[Start of section]
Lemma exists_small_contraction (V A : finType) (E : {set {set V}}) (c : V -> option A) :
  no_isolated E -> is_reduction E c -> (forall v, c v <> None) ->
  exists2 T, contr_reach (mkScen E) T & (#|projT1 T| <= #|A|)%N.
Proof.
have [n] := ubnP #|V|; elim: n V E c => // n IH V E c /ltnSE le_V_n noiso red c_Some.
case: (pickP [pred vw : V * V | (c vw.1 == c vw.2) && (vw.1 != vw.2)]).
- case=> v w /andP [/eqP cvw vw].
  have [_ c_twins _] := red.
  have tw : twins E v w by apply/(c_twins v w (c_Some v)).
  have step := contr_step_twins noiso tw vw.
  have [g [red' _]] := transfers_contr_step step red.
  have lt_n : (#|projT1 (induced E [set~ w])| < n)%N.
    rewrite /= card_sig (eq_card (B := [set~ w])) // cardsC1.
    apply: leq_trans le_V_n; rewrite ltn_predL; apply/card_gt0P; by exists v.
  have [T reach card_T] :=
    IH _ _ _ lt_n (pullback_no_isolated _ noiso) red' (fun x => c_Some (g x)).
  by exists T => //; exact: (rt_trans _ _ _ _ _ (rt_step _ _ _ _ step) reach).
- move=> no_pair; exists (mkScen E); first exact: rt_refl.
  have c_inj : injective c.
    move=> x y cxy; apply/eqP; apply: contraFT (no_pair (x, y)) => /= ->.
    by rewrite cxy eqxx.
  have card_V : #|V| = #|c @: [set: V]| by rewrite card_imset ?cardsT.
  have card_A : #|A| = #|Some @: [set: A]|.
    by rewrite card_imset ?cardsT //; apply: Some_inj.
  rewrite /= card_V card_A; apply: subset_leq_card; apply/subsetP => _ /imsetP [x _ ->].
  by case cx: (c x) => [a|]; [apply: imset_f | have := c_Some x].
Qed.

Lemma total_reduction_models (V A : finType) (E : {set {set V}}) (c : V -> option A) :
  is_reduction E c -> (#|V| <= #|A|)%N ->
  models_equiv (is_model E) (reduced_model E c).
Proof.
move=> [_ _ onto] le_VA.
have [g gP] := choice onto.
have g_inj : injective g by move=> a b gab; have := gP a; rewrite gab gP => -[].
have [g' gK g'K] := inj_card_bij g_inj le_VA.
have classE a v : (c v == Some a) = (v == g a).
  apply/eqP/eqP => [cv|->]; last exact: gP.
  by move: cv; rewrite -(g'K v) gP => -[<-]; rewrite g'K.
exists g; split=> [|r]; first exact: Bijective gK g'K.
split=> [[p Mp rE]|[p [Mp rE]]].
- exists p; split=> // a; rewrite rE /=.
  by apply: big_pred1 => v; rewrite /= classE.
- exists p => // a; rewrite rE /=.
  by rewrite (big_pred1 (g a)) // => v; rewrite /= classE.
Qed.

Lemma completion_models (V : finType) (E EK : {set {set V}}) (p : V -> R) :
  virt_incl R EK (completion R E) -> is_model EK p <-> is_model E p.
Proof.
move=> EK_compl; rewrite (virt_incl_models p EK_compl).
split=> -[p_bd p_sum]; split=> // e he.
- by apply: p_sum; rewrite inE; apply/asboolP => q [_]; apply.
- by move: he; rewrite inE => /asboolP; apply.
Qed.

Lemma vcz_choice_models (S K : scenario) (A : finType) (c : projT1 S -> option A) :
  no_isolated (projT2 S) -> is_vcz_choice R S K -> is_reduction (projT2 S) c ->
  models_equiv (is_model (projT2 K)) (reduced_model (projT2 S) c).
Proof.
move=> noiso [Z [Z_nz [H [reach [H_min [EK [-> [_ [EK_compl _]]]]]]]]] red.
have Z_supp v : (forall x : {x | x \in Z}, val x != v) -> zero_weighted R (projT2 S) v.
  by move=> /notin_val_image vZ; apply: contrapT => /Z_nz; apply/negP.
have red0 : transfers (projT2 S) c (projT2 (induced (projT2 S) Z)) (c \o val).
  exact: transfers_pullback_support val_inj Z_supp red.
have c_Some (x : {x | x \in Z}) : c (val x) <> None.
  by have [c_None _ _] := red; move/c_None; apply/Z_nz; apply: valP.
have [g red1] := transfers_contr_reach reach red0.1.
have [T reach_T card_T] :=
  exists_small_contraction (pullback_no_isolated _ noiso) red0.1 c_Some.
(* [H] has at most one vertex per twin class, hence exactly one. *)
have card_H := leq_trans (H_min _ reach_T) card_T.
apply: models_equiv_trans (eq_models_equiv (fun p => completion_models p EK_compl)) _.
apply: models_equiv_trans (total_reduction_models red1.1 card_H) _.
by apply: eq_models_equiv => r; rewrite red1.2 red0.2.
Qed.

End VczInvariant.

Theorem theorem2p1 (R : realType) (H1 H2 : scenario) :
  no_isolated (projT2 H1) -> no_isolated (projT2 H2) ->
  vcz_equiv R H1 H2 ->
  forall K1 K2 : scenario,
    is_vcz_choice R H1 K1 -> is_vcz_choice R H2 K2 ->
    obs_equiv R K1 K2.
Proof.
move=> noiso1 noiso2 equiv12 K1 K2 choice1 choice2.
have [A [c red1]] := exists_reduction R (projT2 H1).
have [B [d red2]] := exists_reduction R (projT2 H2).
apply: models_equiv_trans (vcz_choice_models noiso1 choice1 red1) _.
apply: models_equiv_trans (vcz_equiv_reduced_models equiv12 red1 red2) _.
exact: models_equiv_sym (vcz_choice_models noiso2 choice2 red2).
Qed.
[End of section]
[Start of section]
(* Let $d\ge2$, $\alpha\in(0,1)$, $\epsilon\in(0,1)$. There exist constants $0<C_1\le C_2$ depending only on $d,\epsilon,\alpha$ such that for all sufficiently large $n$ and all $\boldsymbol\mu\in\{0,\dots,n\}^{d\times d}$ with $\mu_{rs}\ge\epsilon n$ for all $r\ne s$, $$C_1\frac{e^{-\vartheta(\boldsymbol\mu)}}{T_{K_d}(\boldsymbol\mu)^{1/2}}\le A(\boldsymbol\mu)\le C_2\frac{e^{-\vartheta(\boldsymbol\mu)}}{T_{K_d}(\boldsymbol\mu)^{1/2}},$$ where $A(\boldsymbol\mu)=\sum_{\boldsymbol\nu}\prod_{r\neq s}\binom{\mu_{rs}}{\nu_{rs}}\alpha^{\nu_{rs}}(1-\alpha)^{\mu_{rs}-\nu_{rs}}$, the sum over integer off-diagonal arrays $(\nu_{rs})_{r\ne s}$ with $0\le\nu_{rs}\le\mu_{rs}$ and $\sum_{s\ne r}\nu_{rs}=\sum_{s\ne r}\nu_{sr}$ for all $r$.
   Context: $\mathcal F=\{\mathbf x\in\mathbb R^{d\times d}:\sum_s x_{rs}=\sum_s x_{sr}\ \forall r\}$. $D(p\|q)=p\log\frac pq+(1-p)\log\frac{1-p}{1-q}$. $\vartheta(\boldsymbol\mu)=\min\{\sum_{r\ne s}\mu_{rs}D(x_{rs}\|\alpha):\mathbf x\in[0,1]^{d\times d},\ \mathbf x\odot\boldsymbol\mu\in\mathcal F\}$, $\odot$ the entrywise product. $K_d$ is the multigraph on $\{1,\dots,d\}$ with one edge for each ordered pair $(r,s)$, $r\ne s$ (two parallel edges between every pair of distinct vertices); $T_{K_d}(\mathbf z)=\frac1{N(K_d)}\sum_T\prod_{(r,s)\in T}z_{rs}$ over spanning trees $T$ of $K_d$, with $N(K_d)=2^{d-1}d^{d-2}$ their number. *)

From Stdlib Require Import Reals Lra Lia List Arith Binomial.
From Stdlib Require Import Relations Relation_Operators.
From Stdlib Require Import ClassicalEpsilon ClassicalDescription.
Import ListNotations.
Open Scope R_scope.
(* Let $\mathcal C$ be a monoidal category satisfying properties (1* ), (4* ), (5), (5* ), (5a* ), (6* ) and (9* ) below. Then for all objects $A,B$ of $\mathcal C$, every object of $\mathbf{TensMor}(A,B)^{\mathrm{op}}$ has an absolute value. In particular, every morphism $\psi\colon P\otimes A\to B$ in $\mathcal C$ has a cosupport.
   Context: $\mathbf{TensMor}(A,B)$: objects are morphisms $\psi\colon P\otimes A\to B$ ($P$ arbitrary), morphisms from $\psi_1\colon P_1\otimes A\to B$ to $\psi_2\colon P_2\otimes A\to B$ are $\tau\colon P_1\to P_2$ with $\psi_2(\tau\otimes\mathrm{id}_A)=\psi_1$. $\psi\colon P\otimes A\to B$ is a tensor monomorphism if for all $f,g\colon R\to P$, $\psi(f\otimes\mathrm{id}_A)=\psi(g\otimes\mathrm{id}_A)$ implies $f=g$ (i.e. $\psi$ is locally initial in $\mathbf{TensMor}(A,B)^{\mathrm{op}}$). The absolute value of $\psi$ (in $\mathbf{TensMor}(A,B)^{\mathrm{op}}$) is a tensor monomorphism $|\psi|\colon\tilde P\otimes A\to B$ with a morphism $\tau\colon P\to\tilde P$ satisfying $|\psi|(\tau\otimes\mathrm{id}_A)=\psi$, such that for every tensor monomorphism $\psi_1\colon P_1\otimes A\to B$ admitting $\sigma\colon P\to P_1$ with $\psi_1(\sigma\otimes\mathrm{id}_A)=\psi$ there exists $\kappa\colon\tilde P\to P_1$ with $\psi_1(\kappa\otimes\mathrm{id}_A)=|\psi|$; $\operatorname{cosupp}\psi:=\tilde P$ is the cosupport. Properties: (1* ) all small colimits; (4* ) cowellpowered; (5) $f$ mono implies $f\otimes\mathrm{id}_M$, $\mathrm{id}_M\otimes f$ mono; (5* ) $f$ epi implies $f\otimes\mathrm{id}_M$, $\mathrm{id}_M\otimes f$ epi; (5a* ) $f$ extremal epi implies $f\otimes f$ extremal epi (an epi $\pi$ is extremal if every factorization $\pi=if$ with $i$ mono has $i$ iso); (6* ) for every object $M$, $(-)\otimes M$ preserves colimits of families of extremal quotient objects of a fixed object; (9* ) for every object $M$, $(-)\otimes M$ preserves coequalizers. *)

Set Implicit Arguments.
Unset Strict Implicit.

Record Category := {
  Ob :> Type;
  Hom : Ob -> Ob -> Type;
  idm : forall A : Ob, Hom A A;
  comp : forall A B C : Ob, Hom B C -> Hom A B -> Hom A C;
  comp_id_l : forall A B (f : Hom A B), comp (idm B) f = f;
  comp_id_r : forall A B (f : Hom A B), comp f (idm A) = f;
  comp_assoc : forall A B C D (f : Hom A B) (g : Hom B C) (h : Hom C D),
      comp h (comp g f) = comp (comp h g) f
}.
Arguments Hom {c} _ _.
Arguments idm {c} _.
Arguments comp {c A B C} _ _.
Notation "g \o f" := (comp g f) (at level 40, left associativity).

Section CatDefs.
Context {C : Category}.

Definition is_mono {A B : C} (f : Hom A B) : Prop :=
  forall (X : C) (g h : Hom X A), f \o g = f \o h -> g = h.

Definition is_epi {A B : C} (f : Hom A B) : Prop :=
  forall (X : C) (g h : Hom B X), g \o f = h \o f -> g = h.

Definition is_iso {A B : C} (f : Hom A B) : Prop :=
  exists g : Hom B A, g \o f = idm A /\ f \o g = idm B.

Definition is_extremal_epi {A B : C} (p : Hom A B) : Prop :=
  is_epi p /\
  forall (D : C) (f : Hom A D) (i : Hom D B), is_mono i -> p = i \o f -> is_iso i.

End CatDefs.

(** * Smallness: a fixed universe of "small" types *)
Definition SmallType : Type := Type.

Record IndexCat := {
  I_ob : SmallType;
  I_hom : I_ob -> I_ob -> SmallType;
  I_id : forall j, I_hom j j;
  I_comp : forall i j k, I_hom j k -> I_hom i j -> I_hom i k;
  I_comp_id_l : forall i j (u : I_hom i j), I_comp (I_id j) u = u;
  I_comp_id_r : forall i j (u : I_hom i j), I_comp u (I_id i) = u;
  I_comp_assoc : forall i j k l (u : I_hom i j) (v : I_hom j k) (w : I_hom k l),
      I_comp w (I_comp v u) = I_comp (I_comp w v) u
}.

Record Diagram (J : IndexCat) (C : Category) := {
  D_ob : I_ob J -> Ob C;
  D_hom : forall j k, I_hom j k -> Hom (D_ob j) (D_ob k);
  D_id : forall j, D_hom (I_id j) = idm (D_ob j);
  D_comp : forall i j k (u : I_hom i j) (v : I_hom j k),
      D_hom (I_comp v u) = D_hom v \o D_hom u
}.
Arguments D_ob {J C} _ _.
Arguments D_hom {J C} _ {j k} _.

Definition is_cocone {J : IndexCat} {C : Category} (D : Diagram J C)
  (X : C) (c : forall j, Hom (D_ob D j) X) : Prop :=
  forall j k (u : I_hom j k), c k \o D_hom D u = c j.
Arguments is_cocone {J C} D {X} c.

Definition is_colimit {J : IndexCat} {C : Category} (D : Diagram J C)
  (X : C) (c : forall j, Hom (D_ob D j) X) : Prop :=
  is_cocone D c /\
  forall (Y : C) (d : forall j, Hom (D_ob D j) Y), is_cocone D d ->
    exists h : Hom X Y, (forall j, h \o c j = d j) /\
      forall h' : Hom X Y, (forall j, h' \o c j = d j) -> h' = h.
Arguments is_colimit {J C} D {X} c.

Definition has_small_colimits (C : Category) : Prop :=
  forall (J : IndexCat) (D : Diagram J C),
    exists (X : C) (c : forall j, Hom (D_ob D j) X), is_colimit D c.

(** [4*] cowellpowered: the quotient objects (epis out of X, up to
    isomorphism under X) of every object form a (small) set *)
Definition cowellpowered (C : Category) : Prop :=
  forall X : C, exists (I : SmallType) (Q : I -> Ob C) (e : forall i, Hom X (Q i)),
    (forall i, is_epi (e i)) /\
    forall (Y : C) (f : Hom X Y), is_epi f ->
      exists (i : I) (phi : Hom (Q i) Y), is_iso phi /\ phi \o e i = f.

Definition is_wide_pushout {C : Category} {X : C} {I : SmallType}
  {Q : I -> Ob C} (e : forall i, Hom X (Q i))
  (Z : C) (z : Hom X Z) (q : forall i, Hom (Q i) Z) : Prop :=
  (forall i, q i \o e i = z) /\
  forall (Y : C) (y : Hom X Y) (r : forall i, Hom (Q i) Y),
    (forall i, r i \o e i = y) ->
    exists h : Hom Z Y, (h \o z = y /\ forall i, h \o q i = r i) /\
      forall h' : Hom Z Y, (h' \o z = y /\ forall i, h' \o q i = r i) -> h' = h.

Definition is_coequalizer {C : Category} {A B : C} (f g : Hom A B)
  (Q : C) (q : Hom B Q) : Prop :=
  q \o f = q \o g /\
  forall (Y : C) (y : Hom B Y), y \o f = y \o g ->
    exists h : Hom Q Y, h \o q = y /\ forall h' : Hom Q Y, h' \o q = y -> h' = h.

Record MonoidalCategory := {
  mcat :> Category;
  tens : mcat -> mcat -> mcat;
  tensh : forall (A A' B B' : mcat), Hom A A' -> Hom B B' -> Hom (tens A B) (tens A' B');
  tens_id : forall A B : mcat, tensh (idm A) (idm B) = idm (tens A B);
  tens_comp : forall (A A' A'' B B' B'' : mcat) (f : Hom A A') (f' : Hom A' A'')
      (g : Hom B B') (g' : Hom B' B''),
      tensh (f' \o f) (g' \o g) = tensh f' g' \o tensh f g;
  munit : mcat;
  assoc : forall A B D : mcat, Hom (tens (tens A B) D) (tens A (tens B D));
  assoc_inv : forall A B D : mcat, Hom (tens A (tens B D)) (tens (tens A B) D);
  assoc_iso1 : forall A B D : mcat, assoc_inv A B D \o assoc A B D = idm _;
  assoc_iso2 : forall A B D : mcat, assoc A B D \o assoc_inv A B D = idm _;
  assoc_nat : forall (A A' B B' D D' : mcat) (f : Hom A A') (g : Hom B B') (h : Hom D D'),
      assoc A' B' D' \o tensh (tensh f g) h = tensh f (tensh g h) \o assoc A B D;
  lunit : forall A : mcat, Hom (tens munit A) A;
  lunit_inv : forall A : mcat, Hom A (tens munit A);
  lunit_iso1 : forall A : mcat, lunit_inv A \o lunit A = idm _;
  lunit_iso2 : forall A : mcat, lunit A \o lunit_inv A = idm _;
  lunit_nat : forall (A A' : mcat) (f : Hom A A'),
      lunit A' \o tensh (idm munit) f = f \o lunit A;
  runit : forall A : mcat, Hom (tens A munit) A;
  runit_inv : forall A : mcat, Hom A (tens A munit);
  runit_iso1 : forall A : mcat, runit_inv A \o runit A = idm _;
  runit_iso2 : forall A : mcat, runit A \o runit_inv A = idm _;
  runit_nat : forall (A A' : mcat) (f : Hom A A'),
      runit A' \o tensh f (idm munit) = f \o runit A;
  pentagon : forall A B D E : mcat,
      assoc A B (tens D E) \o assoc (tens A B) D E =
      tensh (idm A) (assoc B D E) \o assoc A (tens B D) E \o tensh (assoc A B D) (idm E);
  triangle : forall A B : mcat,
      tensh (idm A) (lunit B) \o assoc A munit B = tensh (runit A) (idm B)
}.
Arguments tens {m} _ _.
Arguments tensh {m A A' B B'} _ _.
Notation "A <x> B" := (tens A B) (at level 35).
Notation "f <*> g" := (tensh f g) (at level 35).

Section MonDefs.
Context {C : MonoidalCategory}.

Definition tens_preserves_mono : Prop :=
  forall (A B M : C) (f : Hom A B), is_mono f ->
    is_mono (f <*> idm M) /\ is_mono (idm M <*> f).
[End of section]
Given the records above, restate word for word only the lines starting at the one with "tensh : forall" and ending at the one with "assoc : forall A B D".

  tensh : forall (A A' B B' : mcat), Hom A A' -> Hom B B' -> Hom (tens A B) (tens A' B');
  tens_id : forall A B : mcat, tensh (idm A) (idm B) = idm (tens A B);
  tens_comp : forall (A A' A'' B B' B'' : mcat) (f : Hom A A') (f' : Hom A' A'')
      (g : Hom B B') (g' : Hom B' B''),
      tensh (f' \o f) (g' \o g) = tensh f' g' \o tensh f g;
  munit : mcat;
  assoc : forall A B D : mcat, Hom (tens (tens A B) D) (tens A (tens B D));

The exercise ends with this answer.